The buyer interference at the auction will be allowed, provided that the same conditions applying to the competing OPAC are observed, other than the release of the public notice.
The interested party that it is willing to interfere in the auction shall inform the Chief Operating Officer (Diretor de Operações) at BVMF of its intention, in addition to providing him with information about price, quantity of units and complete data of the interfering party and of the intermediary institution.
VII. Analysis Period
BVMF will have a period of 10 business days to review the notice of the OPAC. The offeror will also have a period of 10 business days from the receipt of the notice analyzed by BVMF to meet the requirements.
After receipt of the notice of the OPAC with the requested changes, BVMF have a deadline of 3 business days to authorize the holding of the auction of the OPAC.
After examining the documentation and approval of the final version of the notice, the Chief Operating Officer of BVMF shall authorize the auction be held.
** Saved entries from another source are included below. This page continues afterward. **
(* Consider a trajectory $\mathbf A(t)$, $t\ge0$, of the proto-cell ODE system described in the context. Let $\mathbf b$ be a moiety or a positive linear combination of moieties such that $\mathscr S_{me}\subseteq\mathrm{supp}(\mathbf b)$ and $\mathbf b$ is fed with some nutrient flux (i.e. $\mathbf b^T\mathbf f_{nu}>0$, equivalently $\mathscr S_{nu}\cap\mathrm{supp}(\mathbf b)\neq\varnothing$). Then $\mathbf b^T\mathbf A(t)$ has a strictly positive lower bound: if $\mathbf b^T\mathbf A(0)>0$, there is $c>0$ with $\mathbf b^T\mathbf A(t)\ge c$ for all $t\ge0$; if $\mathbf b^T\mathbf A(0)=0$, then for every $t_1>0$ there is $c>0$ with $\mathbf b^T\mathbf A(t)\ge c$ for all $t\ge t_1$.
   Context: A chemical reaction network (CRN) has species $\mathscr S=\{A_0,\dots,A_{N-1}\}$ and $R$ reactions, with $N\times R$ stoichiometry matrix $S$. It is conservative: there is $\mathbf m\in\mathbb R^N$ with all $m_i>0$ and $\mathbf m^TS=0$. Let $p=\dim\ker(S^T)\ge 1$. The set $\{\mathbf b\in\mathbb R^N_{\ge 0}:\mathbf b^TS=0\}$ is a pointed convex cone; a set of moieties is a family of $p$ linearly independent generating vectors of this cone forming a basis of $\ker(S^T)$. The support $\mathrm{supp}(\mathbf b)$ of a nonnegative vector $\mathbf b$ is the set of species $A_i$ with $b_i\neq 0$. Proto-cell ODE: the concentration vector $\mathbf A(t)\in\mathbb R^N_{\ge0}$ (component $[A_i]$) satisfies $$\frac{d\mathbf A}{dt}=S\mathbf f(\mathbf A)+\mathbf f_{nu}(\mathbf A)-\mathbf f_{me}(\mathbf A)-\lambda(\mathbf A)\mathbf A,$$ where: $\mathbf f(\mathbf A)\in\mathbb R^R_{\ge0}$ is the vector of reaction rates; one species $A_{me}$ is the membrane precursor and $\mathscr S_{me}\subseteq\mathscr S$ is a set of species containing $A_{me}$; $\mathbf f_{me}(\mathbf A)$ has a single nonzero component, along $A_{me}$, equal to a scalar $f_{me}(\mathbf A)$ which depends only on the concentrations of species in $\mathscr S_{me}$, is continuous and monotonically increasing in these concentrations, satisfies $f_{me}(\mathbf 0)=0$, and is $>0$ iff all species of $\mathscr S_{me}$ have positive concentration; $C_{me}>0$ is a constant and $\lambda(\mathbf A)=f_{me}(\mathbf A)/C_{me}$ is the growth rate; $\mathscr S_{nu}\subseteq\mathscr S$ is the set of nutrients and $\mathbf f_{nu}$ has nonzero components only along species of $\mathscr S_{nu}$, being either (i) a constant vector with $f_{nu,i}>0$ for $A_i\in\mathscr S_{nu}$, or (ii) given by $f_{nu,i}=\mathcal D_i([A_{i,out}]-[A_i])/(1+[A_{i,out}]/K_{i,out})$ for $A_i\in\mathscr S_{nu}$, with positive constants $\mathcal D_i$, $[A_{i,out}]$, $K_{i,out}$. *)

From HB Require Import structures.
From mathcomp Require Import all_boot all_order all_algebra.
From mathcomp Require Import all_classical all_reals all_analysis.
Set Implicit Arguments. Unset Strict Implicit. Unset Printing Implicit Defensive.
Import Order.TTheory GRing.Theory Num.Theory.
Import numFieldNormedType.Exports.
Local Open Scope classical_set_scope.
Local Open Scope ring_scope.

Definition nonneg_vec (R : realType) (N : nat) (x : 'cV[R]_N) : Prop :=
  forall i, 0 <= x i 0.

Definition conservative (R : realType) (N nR : nat) (S : 'M[R]_(N, nR)) : Prop :=
  exists m : 'rV[R]_N, (forall i, 0 < m 0 i) /\ m *m S = 0.

(* Mo (rows = moieties, written as row vectors b^T) is a set of moieties:
   p linearly independent nonnegative vectors in ker(S^T) forming a basis of
   ker(S^T) (kermx S is the left kernel {u | u S = 0}) and generating the cone
   {b >= 0 | b^T S = 0}. *)
Definition moiety_set (R : realType) (N nR p : nat) (S : 'M[R]_(N, nR))
    (Mo : 'M[R]_(p, N)) : Prop :=
  [/\ (forall k i, 0 <= Mo k i),
      Mo *m S = 0,
      row_free Mo,
      (Mo == kermx S)%MS &
      (forall b : 'rV[R]_N, (forall i, 0 <= b 0 i) -> b *m S = 0 ->
         exists c : 'rV[R]_p, (forall k, 0 <= c 0 k) /\ b = c *m Mo)].

Definition moiety_or_pos_comb (R : realType) (N p : nat) (Mo : 'M[R]_(p, N))
    (b : 'rV[R]_N) : Prop :=
  exists c : 'rV[R]_p,
    [/\ (forall k, 0 <= c 0 k), (exists k, 0 < c 0 k) & b = c *m Mo].

Definition supp (R : realType) (N : nat) (b : 'rV[R]_N) : {set 'I_N} :=
  [set i | b 0 i != 0].

Definition membrane_flux (R : realType) (N : nat) (Sme : {set 'I_N}) (me : 'I_N)
    (fme : 'cV[R]_N -> R) : Prop :=
  [/\ me \in Sme,
      (forall x y : 'cV[R]_N, (forall i, i \in Sme -> x i 0 = y i 0) -> fme x = fme y),
      {within [set x : 'cV[R]_N | nonneg_vec x], continuous fme},
      (forall x y : 'cV[R]_N, nonneg_vec x -> nonneg_vec y ->
          (forall i, x i 0 <= y i 0) -> fme x <= fme y) &
      fme 0 = 0] /\
      (forall x : 'cV[R]_N, nonneg_vec x ->
          (0 < fme x <-> forall i, i \in Sme -> 0 < x i 0)).

Definition nutrient_flux (R : realType) (N : nat) (Snu : {set 'I_N})
    (fnu : 'cV[R]_N -> 'cV[R]_N) : Prop :=
  (exists F : 'cV[R]_N,
      [/\ (forall i, i \in Snu -> 0 < F i 0),
          (forall i, i \notin Snu -> F i 0 = 0) &
          (forall x, fnu x = F)])
  \/
  (exists D Aout K : 'I_N -> R,
      (forall i, i \in Snu -> [/\ 0 < D i, 0 < Aout i & 0 < K i]) /\
      (forall x, fnu x = \col_i (if i \in Snu
                                 then D i * (Aout i - x i 0) / (1 + Aout i / K i)
                                 else 0))).

Definition protocell_rhs (R : realType) (N nR : nat) (S : 'M[R]_(N, nR))
    (f : 'cV[R]_N -> 'cV[R]_nR) (fnu : 'cV[R]_N -> 'cV[R]_N)
    (fme : 'cV[R]_N -> R) (me : 'I_N) (Cme : R) (x : 'cV[R]_N) : 'cV[R]_N :=
  S *m f x + fnu x - fme x *: delta_mx me 0 - (fme x / Cme) *: x.

Definition protocell_trajectory (R : realType) (N nR : nat) (S : 'M[R]_(N, nR))
    (f : 'cV[R]_N -> 'cV[R]_nR) (fnu : 'cV[R]_N -> 'cV[R]_N)
    (fme : 'cV[R]_N -> R) (me : 'I_N) (Cme : R) (A : R -> 'cV[R]_N) : Prop :=
  [/\ {within [set t : R | 0 <= t], continuous A},
      (forall t : R, 0 <= t -> nonneg_vec (A t)) &
      (forall t : R, 0 < t -> is_derive t 1 A (protocell_rhs S f fnu fme me Cme (A t)))].

Definition bdot (R : realType) (N : nat) (b : 'rV[R]_N) (x : 'cV[R]_N) : R :=
  (b *m x) 0 0.

(* Since b^T S = 0, the scalar y(t) = b^T A(t) obeys
     y' = b^T f_nu(A) - f_me(A) b_me - (f_me(A) / C_me) y.
   The nutrient term is at least P - Q y with P > 0, because b charges a nutrient;
   the membrane terms tend to 0 with y, because b > 0 on S_me makes every species
   of S_me at most y / b_i and f_me is continuous, monotone and vanishes at 0.
   Hence y' > 0 whenever 0 < t and y(t) <= d for some d > 0, and a nonnegative
   function with that property can neither fall below min(y(t0), d) after t0 nor
   vanish at a positive time. *)
From HB Require Import structures.
From mathcomp Require Import all_boot all_order all_algebra.
From mathcomp Require Import all_classical all_reals all_analysis.
From mathcomp Require Import ring lra.
Import Order.TTheory GRing.Theory Num.Theory.
Import numFieldNormedType.Exports.
Local Open Scope classical_set_scope.
Local Open Scope ring_scope.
Once the authorization to hold the OPAC is granted, the offeror shall forward the notice to the administrator of the FII, in order to take the following steps: (i) to give notice of the offer to the unit holders, through the disclosure of the notice on the website of the FII; and (ii) to develop and make public a reasoned opinion based on any OPAC for the issuance of units of the FII, covering the following topics: (a) the convenience and opportunity of the offer as to the interest of all unit holders and the liquidity of their units; (b) the impact of the offer on any tax benefits applicable to the FII; (c) strategic plans disclosed by the offeror in connection with the FII; and (d) other points deemed to be relevant.
In the above-mentioned opinion, the FII administrator must express a reasoned opinion favorable or contrary to the acceptance of the OPAC, warning that each unit holder is responsible for accepting or not the OPAC.
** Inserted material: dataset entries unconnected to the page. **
Lemma min_part_move_base : s < min_part (move_base S).
Proof.
have := has_min_part R_neq0; rewrite has_part_move_base.
case/orP => [/eqP-> | /and3P[_ ne_s /min_part_leq]]; first by lia.
by rewrite ltn_neqAle eq_sym ne_s.
Qed.

Let no_succ_m_part : ~~ has_part (S :\ inord s :\ inord t) m.+1.
Proof. by rewrite !has_partD1 //; apply/negP => /and3P[_ _ /m_part_geq]; lia. Qed.

Lemma move_base_valid : is_distinct_partition_of (move_base S).
Proof.
apply/andP; split.
  rewrite -has_part0 has_part_move_base negb_or /=.
  by apply/negP => /and3P[_ _ /(part_gt0 S_valid)].
case/andP: S_valid => _; rewrite /move_base N_partU1 ?m_part_ltn // N_part_pivot.
by move/eqP; lia.
Qed.

Lemma move_base_npent : ~~ pentagonal (move_base S).
Proof.
rewrite /pentagonal (negbTE R_neq0) slope_move_base m_part_move_base /=.
by have := min_part_move_base; have := double_min_part_leq; lia.
Qed.

Lemma franklin_move_base : franklin (move_base S) = S.
Proof.
rewrite /franklin slope_move_base leqNgt min_part_move_base /=.
rewrite /move_slope slope_move_base m_part_move_base.
have m_lt_N := m_part_ltn; apply: has_part_inj => i.
rewrite has_partU1 // has_partU1 ?has_partD1 ?has_part_move_base; try lia.
rewrite (_ : m.+1 - s = t); last by lia.
case: (eqVneq i s) => [->|_]; first by rewrite has_min_part.
case: (eqVneq i t) => [->|_]; first by rewrite has_part_pivot.
case: (eqVneq i m.+1) => [->|] //=.
by apply/esym/negP => /m_part_geq; lia.
Qed.

Lemma card_move_base : #|S| = #|move_base S|.+1.
Proof.
rewrite /move_base card_partU1 ?m_part_ltn //.
by rewrite (card_partD1 (has_min_part S_neq0)) (card_partD1 has_part_pivot_base).
Qed.

End MoveBase.

Section MoveSlope.
Variable S : T.
Hypotheses (S_valid : is_distinct_partition_of S) (S_npent : ~~ pentagonal S)
           (slope_lt_base : slope S < min_part S).
Let S_neq0 := npentagonal_neq0 S_npent.
Local Notation m := (m_part S).
Local Notation s := (min_part S).
Local Notation k := (slope S).
Local Notation u := (m - k).

Let k_gt0 : 0 < k := slope_gt0 S_valid S_neq0.
Let s_add_k := min_part_add_slope S_valid S_neq0.
Let m_le_N : m <= N := has_part_leq (has_m_part S_neq0).

Lemma has_part_slope_gap : ~~ has_part S u.
Proof. by apply: top_run_gap; rewrite -/(slope S); lia. Qed.

Lemma double_slope_ltn : 2 * k < m.
Proof.
have ne_skm : s + k != m.
  apply: contraNneq has_part_slope_gap => e_skm.
  by rewrite (_ : u = s); [apply: has_min_part | lia].
have : (s + k == m.+1) ==> (s != k.+1).
  apply/implyP => e_skm; apply: contraNneq S_npent => e_s.
  by rewrite /pentagonal e_skm e_s eqxx !orbT.
by lia.
Qed.

Lemma has_part_move_slope i :
  has_part (move_slope S) i = [|| i == k, i == u | (i != m) && has_part S i].
Proof. by rewrite /move_slope !has_partU1 ?has_partD1 //; lia. Qed.

Let R_neq0 : move_slope S != set0.
Proof. by apply: (@has_part_neq0 _ k); rewrite has_part_move_slope eqxx. Qed.

Lemma m_part_move_slope : m_part (move_slope S) = m.-1.
Proof.
have lt_2k_m := double_slope_ltn; apply: m_part_eq => [|i].
  rewrite has_part_move_slope; case: (eqVneq k 1) => [->|ne_k1].
    by rewrite subn1 eqxx orbT.
  apply/or3P; apply: Or33; apply/andP; split; first by apply/eqP; lia.
  by rewrite -subn1; apply: top_run_mem; rewrite -/(slope S); lia.
rewrite has_part_move_slope.
by case/or3P => [/eqP-> | /eqP-> | /andP[/eqP ne_im /m_part_geq]]; lia.
Qed.

Lemma min_part_move_slope : min_part (move_slope S) = k.
Proof.
have lt_2k_m := double_slope_ltn; apply: min_part_eq => [|i].
  by rewrite has_part_move_slope eqxx.
rewrite has_part_move_slope => /or3P[/eqP-> | /eqP-> | /andP[_ /min_part_leq]]; lia.
Qed.

Lemma slope_move_slope_geq : k <= slope (move_slope S).
Proof.
have lt_2k_m := double_slope_ltn; rewrite [slope (move_slope S)]/slope m_part_move_slope.
apply: top_run_geq => [|j lt_jk]; first by lia.
rewrite has_part_move_slope; case: (eqVneq j.+1 k) => [<-|ne_jk].
  by apply/or3P; apply: Or32; apply/eqP; lia.
apply/or3P; apply: Or33; apply/andP; split; first by apply/eqP; lia.
rewrite (_ : m.-1 - j = m - j.+1); last by lia.
by apply: top_run_mem; rewrite -/(slope S); lia.
Qed.

Let no_slope_part : ~~ has_part (inord u |: S :\ inord m) k.
Proof.
rewrite has_partU1 ?has_partD1; try lia.
have := double_slope_ltn; rewrite negb_or negb_and negbK => lt_2k_m.
apply/andP; split; first by apply/eqP; lia.
by apply/orP; right; apply/negP => /min_part_leq; lia.
Qed.

Let no_gap_part : ~~ has_part (S :\ inord m) u.
Proof. by rewrite has_partD1 // negb_and has_part_slope_gap orbT. Qed.

Lemma move_slope_valid : is_distinct_partition_of (move_slope S).
Proof.
have lt_2k_m := double_slope_ltn.
apply/andP; split.
  rewrite -has_part0 has_part_move_slope negb_or negb_or.
  apply/and3P; split; [apply/eqP; lia | apply/eqP; lia |].
  by apply/negP => /andP[_ /(part_gt0 S_valid)].
case/andP: S_valid => _; rewrite (N_partD1 (has_m_part S_neq0)) /move_slope.
by rewrite N_partU1 ?N_partU1 //; try lia; move/eqP; lia.
Qed.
The manifestation about the conditions of the offer will have to be made public until five days before the auction. Any manifestation of the FII manager whose units are object of the OPAC, if published by the administrator, shall supply the obligation referred to herein.
IX. Disclosure of the Notice
The deadline for disclosure of the notice is a maximum 15 business days after the approval of BVMF.
The deadline for completion of the auction after the disclosure of the notice is at least 15 and no more than 30 business days.
Should the offer be modified, the date of the auction may be extended if the change occurs after seven business days of the date of publication of the notice.
X. Final Considerations
BVMF may determine at any time: (i) the disclosure of any additional information other than those laid down in CL 50; (ii) the suspension of the OPAC procedure, if it is found that the identified irregularity can be corrected, keeping the suspension until such correction happens; or (iii) the cancellation of the OPAC, if it concludes that the identified irregularity or illegality cannot be corrected.
For the purposes of CL 50, "person linked" means any individual, legal entity, fund or universality of rights representing the same interest of another individual, legal entity, fund or universality of rights.
Consequently, "outstanding units" mean those units which are not owned by the offeror or any person linked to the offeror.
Exceptional situations, omissions or cases not provided for in CL 50 will be decided by BVMF based on the particularities of the fact at hand.
The content of this article is intended to provide a general guide to the subject matter. Specialist advice should be sought about your specific circumstances.